#### WHAT TO WORK ON
Output the entries below so that they read exactly as they do now.

#### SOURCE MATERIAL
(* Otherwise C1 accepts a word that reaches p and then loops through safe cycles
   of p, each of which leaves the safe language of the state the GFG strategy of
   C2 is in at its start; the strategy's run then sees infinitely many
   alpha-transitions. *)
Lemma dominate (p : state C1) : exists q : state C2, dominated p q.
Proof.
apply: NNPP => no_dom.
have [sem1 sem2] := (nice_sem_det n1, nice_sem_det n2).
case: n1 => reach1 _; have [x0 x0p] := connect_reach (reach1 p).
case: (nice_GFG n2) => f [f0 [f_step f_acc]].
have f_lang v : reach p v p -> lang_eq p (f (x0 ++ v)).
  move=> pv; have x0v := reach_cat x0p pv.
  exact: (lang_eq_reach sem1 sem2 (same12 : lang_eq _ _) x0v (strategy_reach f0 f_step _)).
have : forall q : state C2, exists b : seq Sigma * seq Sigma, lang_eq p q ->
    safe_path p (b.1 ++ b.2) = Some p /\ ~~ safe q b.1.
  move=> q; case: (classic (lang_eq p q)) => [pq|not_pq]; last by exists ([::], [::]) => /not_pq.
  have [b hb] := safe_escape_cycle (fun pq_sub => no_dom (ex_intro _ q (conj pq pq_sub))).
  by exists b.
case/choice => blk blk_spec.
pose ext v := let b := blk (f (x0 ++ v)) in b.1 ++ b.2.
have cycle n : safe_path p (ext_iter ext n) = Some p.
  elim: n => [|n IH] //; rewrite ext_iterS safe_path_cat IH /=.
  exact: (blk_spec _ (f_lang _ (safe_path_reach IH))).1.
have escape n := (blk_spec _ (f_lang _ (safe_path_reach (cycle n)))).2.
have grows n : 0 < size (ext (ext_iter ext n)).
  by move: (escape n); rewrite /ext /=; case: (blk _) => -[].
have [a0 _] : exists a0 : Sigma, true by move: (grows 0); case: (ext _) => [|a] //; exists a.
pose v := limit_word a0 ext.
have accepted : accepts C1 (wcat x0 v).
  rewrite /accepts (accepts_reach sem1 _ x0p); apply: safe_closure => k.
  rewrite (prefix_limit_word a0 grows (size_ext_iter grows k)).
  by apply: safe_take; rewrite /safe cycle.
have [N safe_N] := run_eventually_safe (nice_safe_det n2) (strategy_run _ f0 f_step)
  (f_acc _ ((same12 _).1 accepted)).
pose b := blk (f (x0 ++ ext_iter ext N)).
have := safe_N (size x0 + size (ext_iter ext N)) (size b.1).
rewrite (leq_trans (size_ext_iter grows N) (leq_addl _ _)) /= prefix_wcat.
rewrite (prefix_limit_word a0 grows (leqnn _)) take_size shiftD shift_wcat.
rewrite prefix_shift_limit_word /ext /= -/b ?take_size_cat ?size_cat ?leq_addr //.
by rewrite (negbTE (escape N)) => /(_ isT).
Qed.

End Dominate.

Section Twins.
Variables (Sigma : finType) (C1 C2 : tNCW Sigma).
Hypotheses (n1 : nice C1) (n2 : nice C2) (same12 : same_lang C1 C2).
Hypotheses (min1 : minimal_GFG C1) (am1 : alpha_maximal C1).

(* Iterating "dominate" back and forth gives h : C1 -> C1 that weakly increases
   safe languages and, by minimality, stays in the safe component of its
   argument; on a cycle of h all the inclusions collapse to equalities. *)
Lemma exists_twin (p : state C1) : exists q : state C2, twin p q.
Proof.
have same21 : same_lang C2 C1 by move=> w; rewrite same12.
have : forall x : state C1, exists x' : state C1,
    exists2 q : state C2, dominated x q & dominated q x'.
  move=> x; have [q xq] := dominate n1 n2 same12 x.
  by have [x' qx'] := dominate n2 n1 same21 q; exists x', q.
case/choice => h h_spec.
have h_dom x : dominated x (h x) by have [q xq qhx] := h_spec x; exact: dominated_trans xq qhx.
have iter_dom m n : m <= n -> dominated (iter m h p) (iter n h p).
  move/subnKC <-; elim: (n - m) => [|k IH]; first by rewrite addn0; exact: dominated_refl.
  by rewrite addnS; exact: dominated_trans IH (h_dom _).
have iter_back n : connect (@bar_edge _ C1) (iter n h p) p.
  elim: n => [|n IH]; first exact: connect0.
  exact: connect_trans (dominated_connect n1 am1 min1 (h_dom _)) IH.
have /trajectP[i lt_i cyc] := looping_order h p.
have [q xq qhx] := h_spec (iter i h p).
have xq_twin : twin (iter i h p) q.
  split=> [|u]; first exact: xq.1.
  apply/idP/idP => [/xq.2 // | /qhx.2].
  by rewrite -iterS => /(iter_dom _ _ lt_i).2; rewrite cyc.
have [u xp] := connect_safe_path (nice_safe_det n1) (iter_back i).
by have [q' _ pq'] := twin_safe_path (nice_sem_det n1) (nice_sem_det n2) xq_twin xp; exists q'.
Qed.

#### PROBLEM SOLUTION
(* Otherwise C1 accepts a word that reaches p and then loops through safe cycles
   of p, each of which leaves the safe language of the state the GFG strategy of
   C2 is in at its start; the strategy's run then sees infinitely many
   alpha-transitions. *)
Lemma dominate (p : state C1) : exists q : state C2, dominated p q.
Proof.
apply: NNPP => no_dom.
have [sem1 sem2] := (nice_sem_det n1, nice_sem_det n2).
case: n1 => reach1 _; have [x0 x0p] := connect_reach (reach1 p).
case: (nice_GFG n2) => f [f0 [f_step f_acc]].
have f_lang v : reach p v p -> lang_eq p (f (x0 ++ v)).
  move=> pv; have x0v := reach_cat x0p pv.
  exact: (lang_eq_reach sem1 sem2 (same12 : lang_eq _ _) x0v (strategy_reach f0 f_step _)).
have : forall q : state C2, exists b : seq Sigma * seq Sigma, lang_eq p q ->
    safe_path p (b.1 ++ b.2) = Some p /\ ~~ safe q b.1.
  move=> q; case: (classic (lang_eq p q)) => [pq|not_pq]; last by exists ([::], [::]) => /not_pq.
  have [b hb] := safe_escape_cycle (fun pq_sub => no_dom (ex_intro _ q (conj pq pq_sub))).
  by exists b.
case/choice => blk blk_spec.
pose ext v := let b := blk (f (x0 ++ v)) in b.1 ++ b.2.
have cycle n : safe_path p (ext_iter ext n) = Some p.
  elim: n => [|n IH] //; rewrite ext_iterS safe_path_cat IH /=.
  exact: (blk_spec _ (f_lang _ (safe_path_reach IH))).1.
have escape n := (blk_spec _ (f_lang _ (safe_path_reach (cycle n)))).2.
have grows n : 0 < size (ext (ext_iter ext n)).
  by move: (escape n); rewrite /ext /=; case: (blk _) => -[].
have [a0 _] : exists a0 : Sigma, true by move: (grows 0); case: (ext _) => [|a] //; exists a.
pose v := limit_word a0 ext.
have accepted : accepts C1 (wcat x0 v).
  rewrite /accepts (accepts_reach sem1 _ x0p); apply: safe_closure => k.
  rewrite (prefix_limit_word a0 grows (size_ext_iter grows k)).
  by apply: safe_take; rewrite /safe cycle.
have [N safe_N] := run_eventually_safe (nice_safe_det n2) (strategy_run _ f0 f_step)
  (f_acc _ ((same12 _).1 accepted)).
pose b := blk (f (x0 ++ ext_iter ext N)).
have := safe_N (size x0 + size (ext_iter ext N)) (size b.1).
rewrite (leq_trans (size_ext_iter grows N) (leq_addl _ _)) /= prefix_wcat.
rewrite (prefix_limit_word a0 grows (leqnn _)) take_size shiftD shift_wcat.
rewrite prefix_shift_limit_word /ext /= -/b ?take_size_cat ?size_cat ?leq_addr //.
by rewrite (negbTE (escape N)) => /(_ isT).
Qed.

End Dominate.

Section Twins.
Variables (Sigma : finType) (C1 C2 : tNCW Sigma).
Hypotheses (n1 : nice C1) (n2 : nice C2) (same12 : same_lang C1 C2).
Hypotheses (min1 : minimal_GFG C1) (am1 : alpha_maximal C1).

(* Iterating "dominate" back and forth gives h : C1 -> C1 that weakly increases
   safe languages and, by minimality, stays in the safe component of its
   argument; on a cycle of h all the inclusions collapse to equalities. *)
Lemma exists_twin (p : state C1) : exists q : state C2, twin p q.
Proof.
have same21 : same_lang C2 C1 by move=> w; rewrite same12.
have : forall x : state C1, exists x' : state C1,
    exists2 q : state C2, dominated x q & dominated q x'.
  move=> x; have [q xq] := dominate n1 n2 same12 x.
  by have [x' qx'] := dominate n2 n1 same21 q; exists x', q.
case/choice => h h_spec.
have h_dom x : dominated x (h x) by have [q xq qhx] := h_spec x; exact: dominated_trans xq qhx.
have iter_dom m n : m <= n -> dominated (iter m h p) (iter n h p).
  move/subnKC <-; elim: (n - m) => [|k IH]; first by rewrite addn0; exact: dominated_refl.
  by rewrite addnS; exact: dominated_trans IH (h_dom _).
have iter_back n : connect (@bar_edge _ C1) (iter n h p) p.
  elim: n => [|n IH]; first exact: connect0.
  exact: connect_trans (dominated_connect n1 am1 min1 (h_dom _)) IH.
have /trajectP[i lt_i cyc] := looping_order h p.
have [q xq qhx] := h_spec (iter i h p).
have xq_twin : twin (iter i h p) q.
  split=> [|u]; first exact: xq.1.
  apply/idP/idP => [/xq.2 // | /qhx.2].
  by rewrite -iterS => /(iter_dom _ _ lt_i).2; rewrite cyc.
have [u xp] := connect_safe_path (nice_safe_det n1) (iter_back i).
by have [q' _ pq'] := twin_safe_path (nice_sem_det n1) (nice_sem_det n2) xq_twin xp; exists q'.
Qed.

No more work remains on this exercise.